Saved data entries
-*-*-

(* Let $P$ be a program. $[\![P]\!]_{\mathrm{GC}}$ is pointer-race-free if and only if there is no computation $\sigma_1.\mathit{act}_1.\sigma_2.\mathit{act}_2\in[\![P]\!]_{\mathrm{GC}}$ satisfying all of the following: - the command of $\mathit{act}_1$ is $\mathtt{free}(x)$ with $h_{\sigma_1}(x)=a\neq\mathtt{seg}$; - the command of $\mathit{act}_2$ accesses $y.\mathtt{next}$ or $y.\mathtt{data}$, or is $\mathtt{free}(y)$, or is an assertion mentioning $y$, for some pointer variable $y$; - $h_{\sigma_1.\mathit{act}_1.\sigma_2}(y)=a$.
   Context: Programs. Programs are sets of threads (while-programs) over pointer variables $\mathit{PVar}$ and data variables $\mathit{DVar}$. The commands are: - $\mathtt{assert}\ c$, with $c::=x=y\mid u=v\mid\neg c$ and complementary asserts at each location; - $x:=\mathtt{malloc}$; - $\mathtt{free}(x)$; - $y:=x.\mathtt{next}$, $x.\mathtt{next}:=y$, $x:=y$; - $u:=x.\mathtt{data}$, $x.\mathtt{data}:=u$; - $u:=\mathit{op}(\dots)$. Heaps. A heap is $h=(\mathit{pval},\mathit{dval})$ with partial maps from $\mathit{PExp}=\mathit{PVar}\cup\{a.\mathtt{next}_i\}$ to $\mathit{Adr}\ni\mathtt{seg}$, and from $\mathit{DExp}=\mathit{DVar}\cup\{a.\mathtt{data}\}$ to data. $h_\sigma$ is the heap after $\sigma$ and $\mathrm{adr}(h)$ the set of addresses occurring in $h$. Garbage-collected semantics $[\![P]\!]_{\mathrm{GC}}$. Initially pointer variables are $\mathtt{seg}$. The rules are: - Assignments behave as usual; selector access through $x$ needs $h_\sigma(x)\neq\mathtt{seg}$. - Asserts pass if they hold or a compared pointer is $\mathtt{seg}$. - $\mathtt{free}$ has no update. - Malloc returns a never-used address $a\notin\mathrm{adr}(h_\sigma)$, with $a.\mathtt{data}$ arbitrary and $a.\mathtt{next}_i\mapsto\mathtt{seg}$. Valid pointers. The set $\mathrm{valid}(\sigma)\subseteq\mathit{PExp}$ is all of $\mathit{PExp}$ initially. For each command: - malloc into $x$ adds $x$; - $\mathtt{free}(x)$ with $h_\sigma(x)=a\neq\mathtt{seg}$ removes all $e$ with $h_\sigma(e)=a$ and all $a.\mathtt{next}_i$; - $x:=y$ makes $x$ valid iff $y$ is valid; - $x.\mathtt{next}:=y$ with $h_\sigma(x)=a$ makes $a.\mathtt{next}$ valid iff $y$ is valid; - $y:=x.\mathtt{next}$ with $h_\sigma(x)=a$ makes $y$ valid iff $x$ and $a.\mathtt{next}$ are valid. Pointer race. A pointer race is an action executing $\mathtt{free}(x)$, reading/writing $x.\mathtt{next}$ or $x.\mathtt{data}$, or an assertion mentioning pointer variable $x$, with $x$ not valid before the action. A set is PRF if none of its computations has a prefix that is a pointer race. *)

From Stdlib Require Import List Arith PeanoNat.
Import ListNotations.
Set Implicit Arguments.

-*-*-

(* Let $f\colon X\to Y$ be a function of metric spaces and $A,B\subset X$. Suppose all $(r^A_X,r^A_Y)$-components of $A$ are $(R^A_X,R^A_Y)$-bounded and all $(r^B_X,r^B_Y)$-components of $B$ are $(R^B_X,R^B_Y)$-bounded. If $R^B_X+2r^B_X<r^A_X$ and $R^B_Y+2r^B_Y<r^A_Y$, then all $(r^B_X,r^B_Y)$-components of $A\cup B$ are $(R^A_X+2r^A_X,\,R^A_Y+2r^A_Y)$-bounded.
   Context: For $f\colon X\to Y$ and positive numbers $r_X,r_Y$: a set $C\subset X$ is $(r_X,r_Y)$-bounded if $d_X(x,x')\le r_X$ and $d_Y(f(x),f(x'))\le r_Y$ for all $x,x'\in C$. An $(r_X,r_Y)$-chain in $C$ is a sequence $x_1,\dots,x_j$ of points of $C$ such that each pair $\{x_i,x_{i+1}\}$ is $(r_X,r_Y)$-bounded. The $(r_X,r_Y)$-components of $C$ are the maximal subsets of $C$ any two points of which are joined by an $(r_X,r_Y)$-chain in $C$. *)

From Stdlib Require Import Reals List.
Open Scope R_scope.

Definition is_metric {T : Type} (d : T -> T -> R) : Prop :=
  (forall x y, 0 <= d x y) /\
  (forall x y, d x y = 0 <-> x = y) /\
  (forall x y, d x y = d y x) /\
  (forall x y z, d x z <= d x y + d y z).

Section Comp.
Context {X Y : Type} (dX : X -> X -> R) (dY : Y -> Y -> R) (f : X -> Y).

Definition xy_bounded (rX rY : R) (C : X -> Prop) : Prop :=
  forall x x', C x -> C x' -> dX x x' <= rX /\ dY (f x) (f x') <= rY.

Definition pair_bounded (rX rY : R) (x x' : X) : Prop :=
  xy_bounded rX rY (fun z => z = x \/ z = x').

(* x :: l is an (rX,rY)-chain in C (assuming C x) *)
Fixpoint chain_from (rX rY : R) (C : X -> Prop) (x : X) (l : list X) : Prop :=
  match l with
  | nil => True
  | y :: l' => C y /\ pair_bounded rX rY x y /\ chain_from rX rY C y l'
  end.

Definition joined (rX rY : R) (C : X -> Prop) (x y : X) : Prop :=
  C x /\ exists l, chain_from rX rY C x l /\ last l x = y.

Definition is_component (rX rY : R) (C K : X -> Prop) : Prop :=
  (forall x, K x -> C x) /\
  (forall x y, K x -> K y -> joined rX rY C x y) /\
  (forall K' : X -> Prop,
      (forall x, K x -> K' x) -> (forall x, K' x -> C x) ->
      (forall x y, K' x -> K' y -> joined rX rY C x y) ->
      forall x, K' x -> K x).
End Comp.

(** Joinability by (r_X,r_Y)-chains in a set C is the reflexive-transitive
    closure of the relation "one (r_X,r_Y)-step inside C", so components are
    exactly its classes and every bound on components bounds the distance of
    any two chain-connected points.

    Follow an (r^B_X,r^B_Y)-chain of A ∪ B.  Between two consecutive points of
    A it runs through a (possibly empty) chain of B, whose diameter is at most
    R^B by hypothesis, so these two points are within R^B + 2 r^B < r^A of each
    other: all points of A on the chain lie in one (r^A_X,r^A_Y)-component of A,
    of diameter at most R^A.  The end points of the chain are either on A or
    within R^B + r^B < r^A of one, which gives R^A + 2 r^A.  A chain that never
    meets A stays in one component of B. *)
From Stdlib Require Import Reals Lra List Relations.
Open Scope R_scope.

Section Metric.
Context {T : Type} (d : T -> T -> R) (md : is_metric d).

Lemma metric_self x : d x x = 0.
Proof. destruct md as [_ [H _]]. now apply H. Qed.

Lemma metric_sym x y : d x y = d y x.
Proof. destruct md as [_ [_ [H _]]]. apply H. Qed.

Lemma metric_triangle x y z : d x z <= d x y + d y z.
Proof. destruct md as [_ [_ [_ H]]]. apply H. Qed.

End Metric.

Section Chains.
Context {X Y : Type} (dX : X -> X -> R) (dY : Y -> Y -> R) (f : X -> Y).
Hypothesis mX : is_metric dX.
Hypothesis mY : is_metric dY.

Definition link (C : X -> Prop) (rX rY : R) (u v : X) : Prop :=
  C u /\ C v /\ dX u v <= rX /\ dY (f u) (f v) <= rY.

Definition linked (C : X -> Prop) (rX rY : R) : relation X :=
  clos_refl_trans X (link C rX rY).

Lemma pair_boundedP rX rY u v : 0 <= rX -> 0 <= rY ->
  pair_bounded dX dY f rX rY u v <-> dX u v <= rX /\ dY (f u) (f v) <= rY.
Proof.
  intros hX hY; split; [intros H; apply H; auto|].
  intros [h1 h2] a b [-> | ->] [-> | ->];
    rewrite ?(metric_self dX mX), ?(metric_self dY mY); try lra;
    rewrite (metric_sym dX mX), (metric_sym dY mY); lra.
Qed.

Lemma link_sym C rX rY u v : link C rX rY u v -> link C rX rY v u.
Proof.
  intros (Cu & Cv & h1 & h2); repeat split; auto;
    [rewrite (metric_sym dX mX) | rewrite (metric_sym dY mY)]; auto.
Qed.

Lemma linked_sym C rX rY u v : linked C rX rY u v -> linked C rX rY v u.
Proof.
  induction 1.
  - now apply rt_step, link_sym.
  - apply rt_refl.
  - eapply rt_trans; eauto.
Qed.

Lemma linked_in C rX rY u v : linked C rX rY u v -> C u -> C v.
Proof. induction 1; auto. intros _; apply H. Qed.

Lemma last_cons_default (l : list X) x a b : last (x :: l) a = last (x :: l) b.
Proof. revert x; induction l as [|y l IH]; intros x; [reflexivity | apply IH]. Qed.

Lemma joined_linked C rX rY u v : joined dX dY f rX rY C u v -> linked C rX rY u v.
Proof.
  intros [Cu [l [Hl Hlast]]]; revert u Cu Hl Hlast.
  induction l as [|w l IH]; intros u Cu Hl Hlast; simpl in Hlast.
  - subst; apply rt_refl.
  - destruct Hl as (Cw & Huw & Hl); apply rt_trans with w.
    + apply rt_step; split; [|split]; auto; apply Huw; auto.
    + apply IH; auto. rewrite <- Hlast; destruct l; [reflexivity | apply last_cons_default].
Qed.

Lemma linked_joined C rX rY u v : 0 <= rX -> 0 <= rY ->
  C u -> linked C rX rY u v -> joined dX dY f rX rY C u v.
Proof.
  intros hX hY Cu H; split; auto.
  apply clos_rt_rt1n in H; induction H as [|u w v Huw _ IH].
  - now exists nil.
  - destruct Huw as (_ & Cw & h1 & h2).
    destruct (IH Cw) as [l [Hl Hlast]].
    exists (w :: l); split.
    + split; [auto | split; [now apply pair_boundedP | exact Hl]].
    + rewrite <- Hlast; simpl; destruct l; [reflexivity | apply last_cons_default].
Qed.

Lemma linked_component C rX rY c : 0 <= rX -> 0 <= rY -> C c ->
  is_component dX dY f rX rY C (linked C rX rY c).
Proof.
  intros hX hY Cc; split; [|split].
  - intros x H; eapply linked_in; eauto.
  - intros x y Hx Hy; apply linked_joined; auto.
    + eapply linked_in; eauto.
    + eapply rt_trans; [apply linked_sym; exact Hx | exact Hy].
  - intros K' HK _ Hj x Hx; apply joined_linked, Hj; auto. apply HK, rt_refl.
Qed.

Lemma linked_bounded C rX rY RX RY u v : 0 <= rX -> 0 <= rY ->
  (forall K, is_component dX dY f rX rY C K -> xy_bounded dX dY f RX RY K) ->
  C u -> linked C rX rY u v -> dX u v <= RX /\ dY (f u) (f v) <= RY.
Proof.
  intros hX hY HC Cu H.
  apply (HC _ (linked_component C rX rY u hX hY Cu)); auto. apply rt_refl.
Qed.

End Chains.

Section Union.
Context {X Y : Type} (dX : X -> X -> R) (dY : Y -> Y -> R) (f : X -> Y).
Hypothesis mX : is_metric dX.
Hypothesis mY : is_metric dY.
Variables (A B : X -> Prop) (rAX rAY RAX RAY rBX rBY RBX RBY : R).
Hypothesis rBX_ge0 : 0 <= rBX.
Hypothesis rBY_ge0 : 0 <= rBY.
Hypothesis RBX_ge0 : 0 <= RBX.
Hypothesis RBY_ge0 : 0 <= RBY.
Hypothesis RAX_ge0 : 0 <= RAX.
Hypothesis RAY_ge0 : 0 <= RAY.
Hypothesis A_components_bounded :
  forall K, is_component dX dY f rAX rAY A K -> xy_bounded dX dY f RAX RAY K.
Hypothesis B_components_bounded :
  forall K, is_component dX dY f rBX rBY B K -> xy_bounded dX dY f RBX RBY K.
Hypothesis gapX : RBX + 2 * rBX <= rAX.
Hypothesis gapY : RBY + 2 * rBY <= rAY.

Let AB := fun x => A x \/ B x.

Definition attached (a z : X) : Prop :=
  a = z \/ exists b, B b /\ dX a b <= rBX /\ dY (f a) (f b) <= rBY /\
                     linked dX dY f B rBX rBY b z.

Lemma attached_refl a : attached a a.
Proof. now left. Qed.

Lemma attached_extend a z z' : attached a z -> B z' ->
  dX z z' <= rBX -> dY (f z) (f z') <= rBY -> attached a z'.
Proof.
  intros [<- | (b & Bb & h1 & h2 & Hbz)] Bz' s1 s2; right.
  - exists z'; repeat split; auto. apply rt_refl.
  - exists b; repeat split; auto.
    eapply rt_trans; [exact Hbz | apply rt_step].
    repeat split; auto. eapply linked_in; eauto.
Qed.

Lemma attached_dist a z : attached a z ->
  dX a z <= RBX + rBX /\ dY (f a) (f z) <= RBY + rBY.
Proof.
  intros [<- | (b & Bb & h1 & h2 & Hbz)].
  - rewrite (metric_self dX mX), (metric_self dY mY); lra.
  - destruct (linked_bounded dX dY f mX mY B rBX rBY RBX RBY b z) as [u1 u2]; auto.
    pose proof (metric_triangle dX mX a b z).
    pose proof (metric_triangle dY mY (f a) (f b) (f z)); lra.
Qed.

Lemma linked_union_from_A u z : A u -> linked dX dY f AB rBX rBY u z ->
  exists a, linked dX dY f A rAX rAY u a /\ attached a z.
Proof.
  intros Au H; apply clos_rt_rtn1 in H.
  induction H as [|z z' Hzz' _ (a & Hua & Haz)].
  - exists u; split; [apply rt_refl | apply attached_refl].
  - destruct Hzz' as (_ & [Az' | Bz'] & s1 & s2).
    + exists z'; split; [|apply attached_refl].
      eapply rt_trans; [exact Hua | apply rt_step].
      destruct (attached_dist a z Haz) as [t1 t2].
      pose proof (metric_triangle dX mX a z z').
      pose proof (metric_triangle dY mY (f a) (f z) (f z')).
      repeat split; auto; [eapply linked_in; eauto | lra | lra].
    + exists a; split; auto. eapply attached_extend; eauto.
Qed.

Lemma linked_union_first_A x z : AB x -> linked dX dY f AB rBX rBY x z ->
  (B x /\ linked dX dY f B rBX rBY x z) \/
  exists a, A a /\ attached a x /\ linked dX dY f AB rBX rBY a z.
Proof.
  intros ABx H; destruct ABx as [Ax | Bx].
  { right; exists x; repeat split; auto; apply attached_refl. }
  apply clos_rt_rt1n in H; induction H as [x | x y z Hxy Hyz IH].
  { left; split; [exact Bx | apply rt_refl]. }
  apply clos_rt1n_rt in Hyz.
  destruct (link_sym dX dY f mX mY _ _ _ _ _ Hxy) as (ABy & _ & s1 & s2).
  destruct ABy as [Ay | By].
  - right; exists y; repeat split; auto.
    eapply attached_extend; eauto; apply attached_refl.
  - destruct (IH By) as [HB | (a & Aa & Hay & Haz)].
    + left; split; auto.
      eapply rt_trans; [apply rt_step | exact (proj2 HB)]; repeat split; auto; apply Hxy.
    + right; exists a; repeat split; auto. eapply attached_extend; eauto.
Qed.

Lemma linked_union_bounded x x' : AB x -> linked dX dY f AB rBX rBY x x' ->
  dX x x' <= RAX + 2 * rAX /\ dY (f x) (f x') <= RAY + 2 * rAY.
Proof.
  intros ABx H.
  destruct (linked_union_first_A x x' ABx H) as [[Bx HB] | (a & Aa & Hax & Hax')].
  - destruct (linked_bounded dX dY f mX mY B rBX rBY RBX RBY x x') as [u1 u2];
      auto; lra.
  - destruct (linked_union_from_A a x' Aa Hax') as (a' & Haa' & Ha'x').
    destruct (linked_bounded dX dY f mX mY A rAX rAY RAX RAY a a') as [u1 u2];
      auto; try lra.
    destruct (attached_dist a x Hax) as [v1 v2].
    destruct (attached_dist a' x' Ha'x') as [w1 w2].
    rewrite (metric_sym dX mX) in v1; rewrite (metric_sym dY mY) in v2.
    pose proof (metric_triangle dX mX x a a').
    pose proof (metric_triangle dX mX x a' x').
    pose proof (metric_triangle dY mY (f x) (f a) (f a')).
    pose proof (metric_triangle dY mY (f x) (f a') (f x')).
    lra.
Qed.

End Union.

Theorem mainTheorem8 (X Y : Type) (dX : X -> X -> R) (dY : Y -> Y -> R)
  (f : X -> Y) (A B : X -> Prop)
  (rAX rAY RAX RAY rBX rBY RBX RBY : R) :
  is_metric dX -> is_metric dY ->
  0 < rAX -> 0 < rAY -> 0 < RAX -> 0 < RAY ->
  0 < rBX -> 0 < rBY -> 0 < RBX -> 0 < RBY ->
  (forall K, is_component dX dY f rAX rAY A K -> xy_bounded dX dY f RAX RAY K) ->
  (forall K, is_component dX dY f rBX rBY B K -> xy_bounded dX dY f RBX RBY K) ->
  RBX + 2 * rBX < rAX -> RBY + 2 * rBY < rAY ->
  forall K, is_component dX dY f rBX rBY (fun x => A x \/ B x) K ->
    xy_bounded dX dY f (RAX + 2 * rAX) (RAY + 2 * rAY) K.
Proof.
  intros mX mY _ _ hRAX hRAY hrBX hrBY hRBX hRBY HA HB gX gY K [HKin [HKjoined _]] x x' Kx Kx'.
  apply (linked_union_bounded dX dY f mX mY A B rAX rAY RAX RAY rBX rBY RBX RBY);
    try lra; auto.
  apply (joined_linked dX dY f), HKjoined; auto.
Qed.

-*-*-

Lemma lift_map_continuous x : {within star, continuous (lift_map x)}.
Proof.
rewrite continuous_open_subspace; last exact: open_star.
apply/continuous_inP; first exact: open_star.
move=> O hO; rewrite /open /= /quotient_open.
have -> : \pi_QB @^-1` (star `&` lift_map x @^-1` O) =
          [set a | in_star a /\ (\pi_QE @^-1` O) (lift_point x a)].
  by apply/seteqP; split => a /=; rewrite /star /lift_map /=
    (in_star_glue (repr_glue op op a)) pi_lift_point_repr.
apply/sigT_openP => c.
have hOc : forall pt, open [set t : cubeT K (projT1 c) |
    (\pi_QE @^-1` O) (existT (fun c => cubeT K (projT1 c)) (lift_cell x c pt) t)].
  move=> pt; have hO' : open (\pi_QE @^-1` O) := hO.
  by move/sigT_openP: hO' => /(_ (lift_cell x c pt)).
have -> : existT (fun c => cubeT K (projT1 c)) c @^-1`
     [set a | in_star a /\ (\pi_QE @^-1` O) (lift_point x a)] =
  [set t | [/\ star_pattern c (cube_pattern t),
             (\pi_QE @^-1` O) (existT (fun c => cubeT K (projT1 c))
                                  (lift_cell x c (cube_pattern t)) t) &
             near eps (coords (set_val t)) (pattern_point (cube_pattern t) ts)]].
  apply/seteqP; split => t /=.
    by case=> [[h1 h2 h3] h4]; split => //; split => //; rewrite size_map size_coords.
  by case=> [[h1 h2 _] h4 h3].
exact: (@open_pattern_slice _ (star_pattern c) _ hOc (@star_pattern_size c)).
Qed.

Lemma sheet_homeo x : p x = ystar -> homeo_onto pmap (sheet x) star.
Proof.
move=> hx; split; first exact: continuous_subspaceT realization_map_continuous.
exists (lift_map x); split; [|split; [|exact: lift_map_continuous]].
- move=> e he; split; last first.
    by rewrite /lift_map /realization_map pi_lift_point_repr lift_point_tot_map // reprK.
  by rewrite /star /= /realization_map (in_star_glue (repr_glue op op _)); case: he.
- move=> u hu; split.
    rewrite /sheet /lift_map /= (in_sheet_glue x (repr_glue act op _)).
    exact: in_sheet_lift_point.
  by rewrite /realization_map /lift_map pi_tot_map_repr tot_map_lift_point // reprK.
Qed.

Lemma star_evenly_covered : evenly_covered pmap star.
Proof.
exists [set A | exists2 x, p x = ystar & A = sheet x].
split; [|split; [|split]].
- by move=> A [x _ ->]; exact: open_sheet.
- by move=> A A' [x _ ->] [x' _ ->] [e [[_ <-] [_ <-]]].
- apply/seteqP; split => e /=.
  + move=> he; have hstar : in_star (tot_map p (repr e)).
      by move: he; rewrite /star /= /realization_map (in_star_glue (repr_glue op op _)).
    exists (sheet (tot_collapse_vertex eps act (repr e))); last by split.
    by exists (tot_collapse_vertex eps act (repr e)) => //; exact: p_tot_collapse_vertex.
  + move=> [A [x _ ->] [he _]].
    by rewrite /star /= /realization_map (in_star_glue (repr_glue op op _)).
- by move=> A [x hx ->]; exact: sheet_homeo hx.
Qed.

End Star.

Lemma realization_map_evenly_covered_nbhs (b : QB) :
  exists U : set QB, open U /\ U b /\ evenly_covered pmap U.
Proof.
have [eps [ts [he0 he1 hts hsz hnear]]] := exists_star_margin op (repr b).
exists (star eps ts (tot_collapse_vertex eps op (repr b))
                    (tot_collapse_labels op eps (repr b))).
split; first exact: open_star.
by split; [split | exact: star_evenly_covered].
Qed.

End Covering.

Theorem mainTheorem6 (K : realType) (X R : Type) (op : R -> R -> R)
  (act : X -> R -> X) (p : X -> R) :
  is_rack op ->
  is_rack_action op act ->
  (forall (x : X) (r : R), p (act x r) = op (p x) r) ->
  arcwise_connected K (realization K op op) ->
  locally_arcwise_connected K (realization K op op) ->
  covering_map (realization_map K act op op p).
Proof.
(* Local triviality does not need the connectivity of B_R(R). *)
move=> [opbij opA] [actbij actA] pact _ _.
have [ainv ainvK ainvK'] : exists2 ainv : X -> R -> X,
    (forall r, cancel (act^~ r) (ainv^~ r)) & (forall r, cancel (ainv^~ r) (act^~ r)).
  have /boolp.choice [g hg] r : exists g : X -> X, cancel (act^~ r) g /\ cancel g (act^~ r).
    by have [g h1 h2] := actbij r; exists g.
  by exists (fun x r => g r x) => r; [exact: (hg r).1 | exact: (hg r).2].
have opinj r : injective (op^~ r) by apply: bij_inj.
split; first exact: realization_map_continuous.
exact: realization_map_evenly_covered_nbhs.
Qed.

-*-*-

## Work request
Retype the entries above exactly, but only from the line containing "- exists u;" through the line containing "apply clos_rt1n_rt in Hyz.", both included.

## Response
  - exists u; split; [apply rt_refl | apply attached_refl].
  - destruct Hzz' as (_ & [Az' | Bz'] & s1 & s2).
    + exists z'; split; [|apply attached_refl].
      eapply rt_trans; [exact Hua | apply rt_step].
      destruct (attached_dist a z Haz) as [t1 t2].
      pose proof (metric_triangle dX mX a z z').
      pose proof (metric_triangle dY mY (f a) (f z) (f z')).
      repeat split; auto; [eapply linked_in; eauto | lra | lra].
    + exists a; split; auto. eapply attached_extend; eauto.
Qed.

Lemma linked_union_first_A x z : AB x -> linked dX dY f AB rBX rBY x z ->
  (B x /\ linked dX dY f B rBX rBY x z) \/
  exists a, A a /\ attached a x /\ linked dX dY f AB rBX rBY a z.
Proof.
  intros ABx H; destruct ABx as [Ax | Bx].
  { right; exists x; repeat split; auto; apply attached_refl. }
  apply clos_rt_rt1n in H; induction H as [x | x y z Hxy Hyz IH].
  { left; split; [exact Bx | apply rt_refl]. }
  apply clos_rt1n_rt in Hyz.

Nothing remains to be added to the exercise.